Area | Implementation |
|---|---|
Trade ingestion | WebSocket-based event flow |
Execution | REST-based order routing |
State management | Redis and PostgreSQL |
Reliability | Reconciliation, discrepancy correction, fault tolerance |
Monitoring | Dash GUI and Grafana dashboards |
Skills: Python, Redis, PostgreSQL, WebSockets, MT4/MT5, trade replication. Related pillars: market-structure, robust-systems.

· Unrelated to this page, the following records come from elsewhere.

Section Main.
Variable F : fieldType.
Variables L M N : sLie F.
Hypotheses (HL : is_sLie L) (HM : is_sLie M) (HN : is_sLie N).
Variables (actLN : L -> N -> N) (actNL : N -> L -> L)
  (actMN : M -> N -> N) (actNM : N -> M -> M).
Hypotheses (aLN : is_action actLN) (aNL : is_action actNL)
  (aMN : is_action actMN) (aNM : is_action actNM).
Variables (TNM : sLie F) (tNM : N -> M -> TNM) (TNL : sLie F) (tNL : N -> L -> TNL).
Hypotheses (HTNM : is_tensor actNM actMN tNM) (HTNL : is_tensor actNL actLN tNL).
Hypothesis hiii1 : forall a b (x : N) (m : M), act_span actLN x ->
      sl_hom N a x -> sl_hom M b m -> tNM x m = 0.
Hypothesis hiii2 : forall a b (x : N) (l : L), act_span actMN x ->
      sl_hom N a x -> sl_hom L b l -> tNL x l = 0.
Variables (T1 : sLie F) (t1 : L -> N -> T1) (T2 : sLie F) (t2 : M -> N -> T2).
Hypotheses (HT1 : is_tensor actLN actNL t1) (HT2 : is_tensor actMN actNM t2).
Variables (T : sLie F) (t : sLie_sum L M -> N -> T).
Hypothesis HT : is_tensor (sum_act_l actLN actMN) (sum_act_r actNL actNM) t.

Local Notation P := (sLie_sum L M).
Local Notation S12 := (sLie_sum T1 T2).
Local Notation actPN := (sum_act_l actLN actMN).
Local Notation actNP := (sum_act_r actNL actNM).

Let HT1L : is_sLie T1. Proof. by case: HT1. Qed.
Let HT2L : is_sLie T2. Proof. by case: HT2. Qed.
Let HTL : is_sLie T. Proof. by case: HT. Qed.
Let Hr1 : tensor_rels actLN actNL t1. Proof. by case: HT1. Qed.
Let Hr2 : tensor_rels actMN actNM t2. Proof. by case: HT2. Qed.
Let Hr : tensor_rels actPN actNP t. Proof. by case: HT. Qed.

(* By hypothesis (iii) and symmetry, the cross terms vanish. *)
Lemma cross_LM a a' b (l : L) (m : M) (n : N) :
  sl_hom L a l -> sl_hom M a' m -> sl_hom N b n -> t1 l (actMN m n) = 0.
Proof.
move=> hl hm hn; have hmn := act_hom aMN hm hn.
apply: (swap_zero HL HN HT1 (act_hom aLN) (act_hom aNL) HTNL hl hmn).
exact: (hiii2 (act_span1 _ _ _) hmn hl).
Qed.

Lemma cross_ML a a' b (m : M) (l : L) (n : N) :
  sl_hom M a m -> sl_hom L a' l -> sl_hom N b n -> t2 m (actLN l n) = 0.
Proof.
move=> hm hl hn; have hln := act_hom aLN hl hn.
apply: (swap_zero HM HN HT2 (act_hom aMN) (act_hom aNM) HTNM hm hln).
exact: (hiii1 (act_span1 _ _ _) hln hm).
Qed.

Lemma hom_inl a (l : L) : sl_hom L a l -> sl_hom P a ((l, 0) : P).
Proof. by split => //; exact: hom0. Qed.
Lemma hom_inr a (m : M) : sl_hom M a m -> sl_hom P a ((0, m) : P).
Proof. by split => //; exact: hom0. Qed.

Let pNP := act_hom (sumR_action aNL aNM).

Lemma proj1_rels : tensor_rels actPN actNP (fun p n => t1 p.1 n).
Proof.
apply: (rels_along Hr1 (@fst_hom F L M) pNP) => // a b c x [l m] n hx [hl hm] hn.
by rewrite /sum_act_l /= (t_Dr Hr1 hx (act_hom aLN hl hn) (act_hom aMN hm hn))
  (cross_LM hx hm hn) addr0.
Qed.

Lemma proj2_rels : tensor_rels actPN actNP (fun p n => t2 p.2 n).
Proof.
apply: (rels_along Hr2 (@snd_hom F L M) pNP) => // a b c x [l m] n hx [hl hm] hn.
by rewrite /sum_act_l /= (t_Dr Hr2 hx (act_hom aLN hl hn) (act_hom aMN hm hn))
  (cross_ML hx hl hn) add0r.
Qed.

Lemma inl_rels : tensor_rels actLN actNL (fun l n => t ((l, 0) : P) n).
Proof.
apply: (rels_along Hr (inl_hom _ HM) (act_hom aNL)).
- by move=> n l; rewrite /sum_act_r /= (act0r aNM).
- by move=> a b c x l n _ _ _; rewrite /sum_act_l /= (act0l aMN) addr0.
Qed.

Lemma inr_rels : tensor_rels actMN actNM (fun m n => t ((0, m) : P) n).
Proof.
apply: (rels_along Hr (inr_hom _ HL) (act_hom aNM)).
- by move=> n m; rewrite /sum_act_r /= (act0r aNL).
- by move=> a b c x m n _ _ _; rewrite /sum_act_l /= (act0l aLN) add0r.
Qed.

Section Inverse.
Variables (f : T -> S12) (g1 : T1 -> T) (g2 : T2 -> T).
Hypotheses (hf : is_sLie_hom f) (hg1 : is_sLie_hom g1) (hg2 : is_sLie_hom g2).
Hypothesis f_t : forall a b (p : P) n, sl_hom P a p -> sl_hom N b n ->
  f (t p n) = (t1 p.1 n, t2 p.2 n).
Hypothesis g1_t : forall a b l n, sl_hom L a l -> sl_hom N b n -> g1 (t1 l n) = t (l, 0) n.
Hypothesis g2_t : forall a b m n, sl_hom M a m -> sl_hom N b n -> g2 (t2 m n) = t (0, m) n.

(* [(l, 0) (x) n, (0, m) (x) n'] is, up to sign, the image of the cross term
   (^n l) (x) (^m n') of L (x) N. *)
Lemma symbols_commute a b a' b' (l : L) (n : N) (m : M) (n' : N) :
  sl_hom L a l -> sl_hom N b n -> sl_hom M a' m -> sl_hom N b' n' ->
  sl_br T (g1 (t1 l n)) (g2 (t2 m n')) = 0.
Proof.
move=> hl hn hm hn'; have hnl := act_hom aNL hn hl; have [lg1 _ _] := hg1.
rewrite (g1_t hl hn) (g2_t hm hn') (t_br Hr (hom_inl hl) hn (hom_inr hm) hn').
rewrite /sum_act_r /sum_act_l /= (act0r aNM) (act0l aLN) add0r.
rewrite -(g1_t hnl (act_hom aMN hm hn')) (cross_LM hnl hm hn').
by rewrite (lin0 lg1) scaler0 oppr0.
Qed.

Definition sum_inv (x : S12) : T := g1 x.1 + g2 x.2.

Lemma sum_inv_hom : is_sLie_hom sum_inv.
Proof.
have comm := images_commute HL HM HN HTL HT1 HT2 (act_hom aLN) (act_hom aNL)
  (act_hom aMN) (act_hom aNM) hg1 hg2 symbols_commute.
by apply: sum_hom => // u v; case: (comm u v).
Qed.

Lemma f_g1 x : f (g1 x) = (x, 0).
Proof.
apply: (tensor_uniq HT1 (sum_Lie HT1L HT2L) (comp_hom hg1 hf) (inl_hom _ HT2L)).
move=> a b l n hl hn /=.
by rewrite (g1_t hl hn) (f_t (hom_inl hl) hn) /= (t0l HM HT2 hn).
Qed.

Lemma f_g2 x : f (g2 x) = (0, x).
Proof.
apply: (tensor_uniq HT2 (sum_Lie HT1L HT2L) (comp_hom hg2 hf) (inr_hom _ HT1L)).
move=> a b m n hm hn /=.
by rewrite (g2_t hm hn) (f_t (hom_inr hm) hn) /= (t0l HL HT1 hn).
Qed.

(* (l, m) (x) n = (l, 0) (x) n + (0, m) (x) n for homogeneous (l, m). *)
Lemma sum_inv_f x : sum_inv (f x) = x.
Proof.
apply: (tensor_uniq HT HTL (comp_hom hf sum_inv_hom) (id_hom T)) => a b [l m] n hp hn /=.
rewrite (f_t hp hn) /sum_inv /=; case: hp => /= hl hm.
rewrite (g1_t hl hn) (g2_t hm hn) -(t_Dl Hr (hom_inl hl) (hom_inr hm) hn).
by congr (t _ n); apply: pairE; rewrite /= ?addr0 ?add0r.
Qed.

Lemma f_iso : is_sLie_iso f.
Proof.
have [lf _ _] := hf; split => //; exists sum_inv; first exact: sum_inv_f.
case=> x1 x2; rewrite /sum_inv /= (linD lf) f_g1 f_g2.
by apply: pairE; rewrite /= ?addr0 ?add0r.
Qed.
End Inverse.

Lemma main_iso : exists f : T -> S12, is_sLie_iso f /\
  forall a b (l : L) (m : M) (n : N), sl_hom L a l -> sl_hom M a m -> sl_hom N b n ->
    f (t (l, m) n) = (t1 l n, t2 m n).
Proof.
have [_ _ U] := HT.
have [f [hf f_t _]] := U S12 _ (sum_Lie HT1L HT2L) (pair_rels proj1_rels proj2_rels).
have [_ _ U1] := HT1; have [g1 [hg1 g1_t _]] := U1 T _ HTL inl_rels.
have [_ _ U2] := HT2; have [g2 [hg2 g2_t _]] := U2 T _ HTL inr_rels.
exists f; split; first exact: (f_iso hf hg1 hg2 f_t g1_t g2_t).
move=> a b l m n hl hm hn.
have hp : sl_hom P a ((l, m) : P) by split.
exact: f_t hp hn.
Qed.
End Main.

What connects these projects
All of these systems share the same focus. Build trading infrastructure that is fast, realistic, measurable, and production-ready.
Principle | Meaning |
|---|---|
Point-in-time correctness | No hidden lookahead bias, no unrealistic assumptions |
Execution realism | Model trading as it happens in live markets |
Latency awareness | Measure and optimize the full path from data to decision |
Research scalability | Large experiments stay repeatable and parallelizable |
Production discipline | Monitoring, reconciliation, and risk as core system components |
Market structure awareness | Build around how markets behave, not how they look in clean datasets |
Areas of focus
Domain | Focus |
|---|---|
Quantitative research | Alpha discovery, statistical validation, cross-asset modeling |
Market microstructure | Order flow, arbitrage, liquidity, execution behavior |
Machine learning | Feature engineering, graph learning, cross-sectional modeling |
Backtesting infrastructure | Event-driven simulation, PIT correctness, realistic execution |
Low-latency systems | Shared memory, lock-free design, hot-path optimization |
Trading operations | OMS/EMS, reconciliation, monitoring, risk controls |
I build systems for the full lifecycle of quantitative trading: research, validation, execution, monitoring, and scaling. The goal is to build infrastructure where signals survive contact with real markets.